SMASH-G: A System for Modeling, Analyzing, and Synthesizing Hand Gestures

Nam Hee Gordon Kim and Tim Straubinger

This is a supplementary code for our project: https://sites.google.com/view/smash-g

We used Python 3.6 on Ubuntu 18.04 LTS along with these libraries (not comprehensive):

  • matplotlib
  • scikit-learn
  • imageio
  • tensorflow

Also, an installation of Docker or Singularity is recommended.

Instructions

Step 1: Install MANO and Configure

  • Download MANO codebase after signing up: https://mano.is.tue.mpg.de/
  • Also install mesh https://github.com/MPI-IS/mesh
  • MANO is written in Python 2.7, and therefore you must make tweaks to make it Python 3.6 compatible.
  • Also, create __init__.py in every directory and subdirectory of MANO.

Step 2: Deploy the 3D hand pose estimator (Zimmermann et al.)

  • We employed a remote server with a GPU and used socket programming to process videos.
  • We provide the Dockerfile used inside the hand3d subdirectory. If running Docker, docker pull namheegordonkim/handgpu should suffice.
  • Use docker shell or similar to access the files inside the container.
  • Once inside the container, run python3 -u server.py to listen to port 3333.
  • If needed, set up an SSH tunnel so the client running on your edge device can communicate with the remote server.

Step 3: Preprocess data

You can download our video data here: https://www.dropbox.com/s/ep8jhys2ie4kjda/smash-g-data.zip?dl=0

Put all the .mp4 files inside a subdirectory named ./data/.

To process all the data in one command, run this inside a bash shell:

for GESTURE in "ok" "thumbs_up" "paper" "scissors" "call_me" "lets_drink"
do
    for i in {00..08}
    do
        python preprocess_video_with_cc.py --input_file ./data/"$GESTURE"$i.mp4 --output_dir ./data/dynamic/$GESTURE/$i/
    done
done

Step 4: Learn the dynamics

First, another preprocessing step for learning dynamics:

python preprocess_dynamics_data.py

Then run

python learn_dynamics.py

You should be able to visualize the dynamics with

python visualize_dynamics.py

Step 6: Generate trajectories

You can now synthesize the data with the learned dynamics.
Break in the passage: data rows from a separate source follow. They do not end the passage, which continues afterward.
(* Let $G$ be an $N$-cube Adinkra with heights disregarded (a valise $N$-cube Adinkra). Then $G$ is vertex-transitive up to the boson/fermion bipartition: for any two vertices $u,v$ that are both bosons or both fermions there is an automorphism of $G$ mapping $u$ to $v$.
   Context: An Adinkra of dimension $N$ is a finite connected simple graph $G=(V,E)$ together with: (1) a bipartition of $V$ into bosons and fermions such that every edge joins a boson and a fermion; (2) a height function (here disregarded); (3) a coloring of $E$ by colors $\{1,\dots,N\}$ such that each vertex is incident to exactly one edge of each color; (4) an edge parity $\pi:E\to\mathbb{Z}_2$ (parity $1$ = dashed). These must satisfy: every path with edge colors $(i,j)$, $i\neq j$, lies in a unique 4-cycle with colors $(i,j,i,j)$, and every such two-colored 4-cycle has an odd number of dashed edges. An $N$-cube Adinkra has $2^N$ vertices. Switching a vertex reverses the parity of all edges incident to it. An automorphism of $G$ is a permutation of $V$ preserving adjacency, edge colors and the bipartition, which becomes parity-preserving after switching some set of vertices. *)

From mathcomp Require Import all_boot perm.
Set Implicit Arguments. Unset Strict Implicit. Unset Printing Implicit Defensive.

(* An (heightless / valise) Adinkra of dimension N on a finite vertex type V.
   - boson v : true for bosons, false for fermions (the bipartition);
   - adj : the adjacency relation of the simple graph (symmetric, irreflexive);
   - color u v : color of the edge {u,v} (only meaningful when adj u v);
   - parity u v : edge parity (true = dashed), only meaningful when adj u v. *)
Section Adinkra.
Variables (N : nat) (V : finType).
Variables (boson : V -> bool) (adj : rel V) (color : V -> V -> 'I_N)
          (parity : V -> V -> bool).

Definition simple_graph : Prop :=
  (forall u v, adj u v = adj v u) /\ (forall v, ~~ adj v v).

Definition connected_graph : Prop := forall u v, connect adj u v.

Definition bipartite_bf : Prop :=
  forall u v, adj u v -> boson u != boson v.

Definition edge_labels_sym : Prop :=
  forall u v, adj u v -> color u v = color v u /\ parity u v = parity v u.

Definition proper_N_coloring : Prop :=
  forall v (i : 'I_N), #|[set w | adj v w & color v w == i]| = 1.

Definition two_color_squares : Prop :=
  forall u v w, adj u v -> adj v w -> color u v != color v w ->
    #|[set x | [&& adj w x, color w x == color u v,
                   adj x u & color x u == color v w]]| = 1.

Definition odd_dashing : Prop :=
  forall u v w x, adj u v -> adj v w -> adj w x -> adj x u ->
    color u v != color v w -> color w x = color u v -> color x u = color v w ->
    odd (parity u v + parity v w + parity w x + parity x u).

Definition is_adinkra : Prop :=
  simple_graph /\ connected_graph /\ bipartite_bf /\ edge_labels_sym /\
  proper_N_coloring /\ two_color_squares /\ odd_dashing.

(* An automorphism: a permutation of V preserving adjacency, edge colors and
   the bipartition, which becomes parity-preserving after switching the
   vertices of some set S (switching reverses the parity of all edges
   incident to a switched vertex). *)
Definition is_automorphism (s : {perm V}) : Prop :=
  [/\ forall u v, adj (s u) (s v) = adj u v,
      forall u v, adj u v -> color (s u) (s v) = color u v,
      forall v, boson (s v) = boson v
    & exists S : {set V}, forall u v, adj u v ->
        parity (s u) (s v) = (parity u v (+) (u \in S)) (+) (v \in S)].
End Adinkra.

From mathcomp Require Import all_boot perm.
Set Implicit Arguments. Unset Strict Implicit. Unset Printing Implicit Defensive.

(* Moving along the edge of color i is an involution [nbr i] of the vertices;
   by the square condition these involutions commute, hence each of them
   preserves adjacency and colors. By connectivity every vertex is reached from
   a base vertex by flipping along some set of colors, and #|V| = 2^N makes
   this set unique: the vertices get cube coordinates. Flipping along the set
   taking u to v is the automorphism; the set is even when u and v are both
   bosons or both fermions. The odd dashing of the squares over the edges
   shows that a single flip preserves the parities up to switching. *)

Section CommutingInvolutions.
Variables (T : Type) (I : finType) (f : I -> T -> T).
Hypothesis fK : forall i, involutive (f i).
Hypothesis fC : forall i j x, f i (f j x) = f j (f i x).

Definition flips_along (s : seq I) (A : {set I}) (x : T) : T :=
  foldr (fun k y => if k \in A then f k y else y) x s.

Definition toggle (i : I) (A : {set I}) : {set I} :=
  [set k | (k \in A) (+) (k == i)].

Lemma flips_along_set0 s x : flips_along s set0 x = x.
Proof. by elim: s => //= k s IH; rewrite inE. Qed.

Lemma flips_along_toggle_notin s A i x :
  i \notin s -> flips_along s (toggle i A) x = flips_along s A x.
Proof.
elim: s => //= k s IH; rewrite inE negb_or => /andP[ik /IH->].
by rewrite inE eq_sym (negbTE ik) addbF.
Qed.

Lemma flips_along_toggle s A i x : uniq s -> i \in s ->
  flips_along s (toggle i A) x = f i (flips_along s A x).
Proof.
elim: s => //= k s IH /andP[ks us]; rewrite inE.
have [-> _ | ik /= i_s] := eqVneq i k.
  rewrite flips_along_toggle_notin // !inE eqxx.
  by case: (k \in A); rewrite /= ?fK.
rewrite IH // inE eq_sym (negbTE ik) addbF.
by case: (k \in A); rewrite // fC.
Qed.

Lemma flips_along_inj s A : injective (flips_along s A).
Proof.
elim: s => //= k s IH x y /=; case: (k \in A) => fxy; apply: IH => //.
exact: inv_inj (fK k) _ _ fxy.
Qed.

End CommutingInvolutions.

Lemma surj_card_inj (T T' : finType) (f : T -> T') :
  (forall y, exists x, f x = y) -> #|T| = #|T'| -> injective f.
Proof.
move=> f_surj eq_card_TT'; apply: in2T; apply/image_injP.
rewrite eq_card_TT'; apply/eqP/eq_card => y; have [x <-] := f_surj y.
by rewrite codom_f.
Qed.

Lemma count_mem_enum (T : finType) (A : {set T}) :
  count (mem A) (enum T) = #|A|.
Proof. by rewrite enumT cardE /enum_mem size_filter. Qed.

Lemma card_set_ord n : #|{set 'I_n}| = 2 ^ n.
Proof.
rewrite -[X in 2 ^ X](card_ord n) -[#|'I_n|]cardsT -card_powerset.
by apply: eq_card => A; rewrite powersetE subsetT.
Qed.

Section Switching.
Variables (V : finType) (adj : rel V).

Definition switching_equiv (p q : V -> V -> bool) : Prop :=
  exists S : {set V}, forall u v, adj u v ->
    q u v = (p u v (+) (u \in S)) (+) (v \in S).

Lemma switching_equiv_refl p : switching_equiv p p.
Proof. by exists set0 => u v _; rewrite !inE !addbF. Qed.

Lemma switching_equiv_trans p q t :
  switching_equiv p q -> switching_equiv q t -> switching_equiv p t.
Proof.
move=> [S1 H1] [S2 H2]; exists [set w | (w \in S1) (+) (w \in S2)] => u v a.
rewrite H2 // H1 // !inE.
by case: (p u v); case: (u \in S1); case: (u \in S2); case: (v \in S1);
  case: (v \in S2).
Qed.

Lemma switching_equiv_comp p q (g : V -> V) :
  (forall u v, adj (g u) (g v) = adj u v) -> switching_equiv p q ->
  switching_equiv (fun u v => p (g u) (g v)) (fun u v => q (g u) (g v)).
Proof.
move=> adj_g [S H]; exists [set w | g w \in S] => u v a.
by rewrite H ?adj_g // !inE.
Qed.

End Switching.

Section ValiseAdinkra.
Variables (N : nat) (V : finType).
Variables (boson : V -> bool) (adj : rel V) (color : V -> V -> 'I_N)
          (parity : V -> V -> bool).
Hypothesis adinkra : is_adinkra boson adj color parity.

Lemma adjC u v : adj u v = adj v u.
Proof. by case: adinkra => [[]]. Qed.

Lemma colorC u v : adj u v -> color u v = color v u.
Proof. by case: adinkra => _ [_ [_ [H _]]] /H[]. Qed.

Lemma parityC u v : adj u v -> parity u v = parity v u.
Proof. by case: adinkra => _ [_ [_ [H _]]] /H[]. Qed.

Definition nbr (i : 'I_N) (v : V) : V :=
  odflt v [pick w | adj v w && (color v w == i)].

Lemma colored_nbrs i v : [set w | adj v w & color v w == i] = [set nbr i v].
Proof.
case: adinkra => _ [_ [_ [_ [proper _]]]].
have /eqP/cards1P[x Hx] := proper v i.
have x_nbr w : (adj v w && (color v w == i)) = (w == x).
  by rewrite -in_set1 -Hx inE.
rewrite Hx /nbr; case: pickP => [w|/(_ x)]; first by rewrite x_nbr => /eqP->.
by rewrite x_nbr eqxx.
Qed.

Lemma nbr_adj_color i v : adj v (nbr i v) && (color v (nbr i v) == i).
Proof. by have := set11 (nbr i v); rewrite -colored_nbrs inE. Qed.

Lemma nbr_adj i v : adj v (nbr i v).
Proof. by case/andP: (nbr_adj_color i v). Qed.

Lemma nbr_color i v : color v (nbr i v) = i.
Proof. by case/andP: (nbr_adj_color i v) => _ /eqP. Qed.

Lemma nbr_of_adj u v : adj u v -> nbr (color u v) u = v.
Proof.
move=> a; have : v \in [set w | adj u w & color u w == color u v].
  by rewrite inE a eqxx.
by rewrite colored_nbrs in_set1 => /eqP.
Qed.

Lemma nbrK i : involutive (nbr i).
Proof.
move=> v; have a : adj (nbr i v) v by rewrite adjC nbr_adj.
by have := nbr_of_adj a; rewrite (colorC a) nbr_color.
Qed.

Lemma nbrC i j v : nbr i (nbr j v) = nbr j (nbr i v).
Proof.
have [-> // | ij] := eqVneq i j.
case: adinkra => _ [_ [_ [_ [_ [squares _]]]]].
have := squares _ _ _ (nbr_adj i v) (nbr_adj j (nbr i v)).
rewrite !nbr_color => /(_ ij)/eqP/cards1P[x Hx].
have := set11 x; rewrite -Hx inE => /and4P[a1 /eqP c1 a2 /eqP c2].
have e1 : nbr i (nbr j (nbr i v)) = x by have := nbr_of_adj a1; rewrite c1.
have e2 : nbr j v = x.
  by rewrite adjC in a2; have := nbr_of_adj a2; rewrite (colorC a2) c2.
by rewrite e2 -e1 nbrK.
Qed.

Lemma boson_nbr i v : boson (nbr i v) = ~~ boson v.
Proof.
case: adinkra => _ [_ [bipartite _]].
have := bipartite _ _ (nbr_adj i v).
by case: (boson v); case: (boson (nbr i v)).
Qed.

Lemma nbr_mono_adj i : {mono nbr i : u v / adj u v}.
Proof.
suff nbr_hom_adj u v : adj u v -> adj (nbr i u) (nbr i v).
  by move=> u v; apply/idP/idP => [/nbr_hom_adj|/nbr_hom_adj//]; rewrite !nbrK.
by move=> /nbr_of_adj <-; rewrite nbrC nbr_adj.
Qed.

Lemma nbr_color_edge i u v : adj u v -> color (nbr i u) (nbr i v) = color u v.
Proof. by move=> /nbr_of_adj {1}<-; rewrite nbrC nbr_color. Qed.

Definition flips (A : {set 'I_N}) : V -> V := flips_along nbr (enum 'I_N) A.

Lemma flips_along_mono_adj s A : {mono flips_along nbr s A : u v / adj u v}.
Proof.
by elim: s => // k s IH u v /=; case: (k \in A); rewrite ?nbr_mono_adj IH.
Qed.

Lemma flips_along_color_edge s A u v : adj u v ->
  color (flips_along nbr s A u) (flips_along nbr s A v) = color u v.
Proof.
move=> uv; elim: s => //= k s IH; case: (k \in A) => //.
by rewrite nbr_color_edge ?flips_along_mono_adj.
Qed.

Lemma boson_flips_along s A w :
  boson (flips_along nbr s A w) = boson w (+) odd (count (mem A) s).
Proof.
elim: s => [|k s IH] /=; first by rewrite addbF.
by case: (k \in A); rewrite /= ?boson_nbr IH ?addbN.
Qed.

Lemma boson_flips A w : boson (flips A w) = boson w (+) odd #|A|.
Proof. by rewrite boson_flips_along count_mem_enum. Qed.

Lemma flips_toggle A i w : flips (toggle i A) w = nbr i (flips A w).
Proof.
by rewrite /flips (flips_along_toggle nbrK nbrC) ?enum_uniq ?mem_enum.
Qed.

Lemma flips_inj A : injective (flips A).
Proof. exact: flips_along_inj nbrK _ A. Qed.

Lemma flips_surj r w : exists A, flips A r = w.
Proof.
case: adinkra => _ [connected _].
pose R := [pred w | [exists A, flips A r == w]].
have R_adj x y : adj x y -> x \in R -> y \in R.
  move=> xy /existsP[A /eqP fAr]; apply/existsP; exists (toggle (color x y) A).
  by rewrite flips_toggle fAr nbr_of_adj.
have R_closed : closed adj R.
  by move=> x y xy; apply/idP/idP; apply: R_adj; rewrite // adjC.
have Rr : r \in R.
  by apply/existsP; exists set0; rewrite /flips flips_along_set0.
have := closed_connect R_closed (connected r w).
by rewrite Rr => /esym/existsP[A /eqP]; exists A.
Qed.

Lemma parity_nbr_square i j u : i != j ->
  parity (nbr i u) (nbr i (nbr j u)) =
  ~~ (parity u (nbr j u) (+) parity u (nbr i u) (+)
       parity (nbr j u) (nbr i (nbr j u))).
Proof.
move=> ij; case: adinkra => _ [_ [_ [_ [_ [_ odd_dash]]]]].
have a1 := nbr_adj i u; have a2 := nbr_adj j (nbr i u).
have a3 : adj (nbr j (nbr i u)) (nbr j u) by rewrite adjC nbrC nbr_adj.
have a4 : adj (nbr j u) u by rewrite adjC nbr_adj.
have := odd_dash _ _ _ _ a1 a2 a3 a4.
rewrite (colorC a3) (colorC a4) !nbr_color -(nbrC i j u) nbr_color.
move=> /(_ ij erefl erefl).
have a3' : adj (nbr i (nbr j u)) (nbr j u) by rewrite adjC nbr_adj.
rewrite (parityC a3') (parityC a4) !oddD !oddb.
by move: (parity u (nbr i u)) (parity u (nbr j u)) (parity (nbr i u) _)
  (parity (nbr j u) _) => [] [] [] [].
Qed.

Hypothesis card_cube : #|V| = 2 ^ N.

Lemma flips_set_inj r : injective (flips^~ r).
Proof.
by apply: surj_card_inj; [exact: flips_surj | rewrite card_set_ord card_cube].
Qed.

Definition coord (r : V) (i : 'I_N) (w : V) : bool :=
  [exists A, (flips A r == w) && (i \in A)].

Lemma coord_flips r i A : coord r i (flips A r) = (i \in A).
Proof.
apply/existsP/idP => [[B /andP[/eqP/flips_set_inj-> //]] | iA].
by exists A; rewrite eqxx.
Qed.

Lemma coord_nbr r i j w : coord r i (nbr j w) = coord r i w (+) (i == j).
Proof.
by have [A <-] := flips_surj r w; rewrite -flips_toggle !coord_flips inE.
Qed.

Lemma parity_nbr_switching i :
  switching_equiv adj parity (fun u v => parity (nbr i u) (nbr i v)).
Proof.
have /card_gt0P[r _] : 0 < #|V| by rewrite card_cube expn_gt0.
(* [boson w (+) coord r i w] changes exactly across the edges of color j != i,
   which absorbs the odd dash of the (i,j)-square over such an edge. *)
exists [set w | parity w (nbr i w) (+) boson w (+) coord r i w].
move=> u v /nbr_of_adj <-; move: (color u v) => j; rewrite !inE.
rewrite boson_nbr coord_nbr.
have [<- | ij] := eqVneq i j.
  rewrite nbrK -(parityC (nbr_adj i u)).
  by case: (parity u _); case: (boson u); case: (coord r i u).
rewrite parity_nbr_square //.
by case: (parity u (nbr j u)); case: (parity u (nbr i u));
  case: (parity (nbr j u) _); case: (boson u); case: (coord r i u).
Qed.

Lemma flips_along_switching s A :
  switching_equiv adj parity
    (fun u v => parity (flips_along nbr s A u) (flips_along nbr s A v)).
Proof.
elim: s => [|k s IH] /=; first exact: switching_equiv_refl.
case: (k \in A) => //; apply: switching_equiv_trans IH _.
exact: switching_equiv_comp (flips_along_mono_adj s A) (parity_nbr_switching k).
Qed.

Lemma flips_automorphism (A : {set 'I_N}) : ~~ odd #|A| ->
  is_automorphism boson adj color parity (perm (flips_inj (A := A))).
Proof.
move=> evenA; split=> [u v | u v uv | v |]; rewrite ?permE.
- exact: flips_along_mono_adj.
- exact: flips_along_color_edge.
- by rewrite boson_flips (negbTE evenA) addbF.
have [S HS] := flips_along_switching (enum 'I_N) A.
by exists S => u v uv; rewrite !permE HS.
Qed.

End ValiseAdinkra.

Theorem mainTheorem3 (N : nat) (V : finType) (boson : V -> bool) (adj : rel V)
    (color : V -> V -> 'I_N) (parity : V -> V -> bool) :
  is_adinkra boson adj color parity ->
  #|V| = 2 ^ N ->
  forall u v : V, boson u = boson v ->
    exists s : {perm V}, is_automorphism boson adj color parity s /\ s u = v.
Proof.
move=> adinkra card_cube u v; have [A <-] := flips_surj adinkra u v.
rewrite (boson_flips adinkra) => same_statistics.
exists (perm (flips_inj adinkra (A := A))); split; last by rewrite permE.
apply: (flips_automorphism adinkra card_cube).
by move: same_statistics; case: (boson u); case: (odd #|A|).
Qed.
Simply run:

python generate_trajectory.py --gesture_name <gesture_name>

where <gesture_name> is one of {ok, thumbs_up, paper, scissors, call_me, lets_drink}.

This generates three trajectories total, with varying speed parameter values.

Step 5: Animate MANO Hand

Finally, animate with inverse kinematics using:

python mano_render.py --gesture_name <gesture_name> --speed <speed>

where <speed> is one of {0.5, 1.0, 1.5}.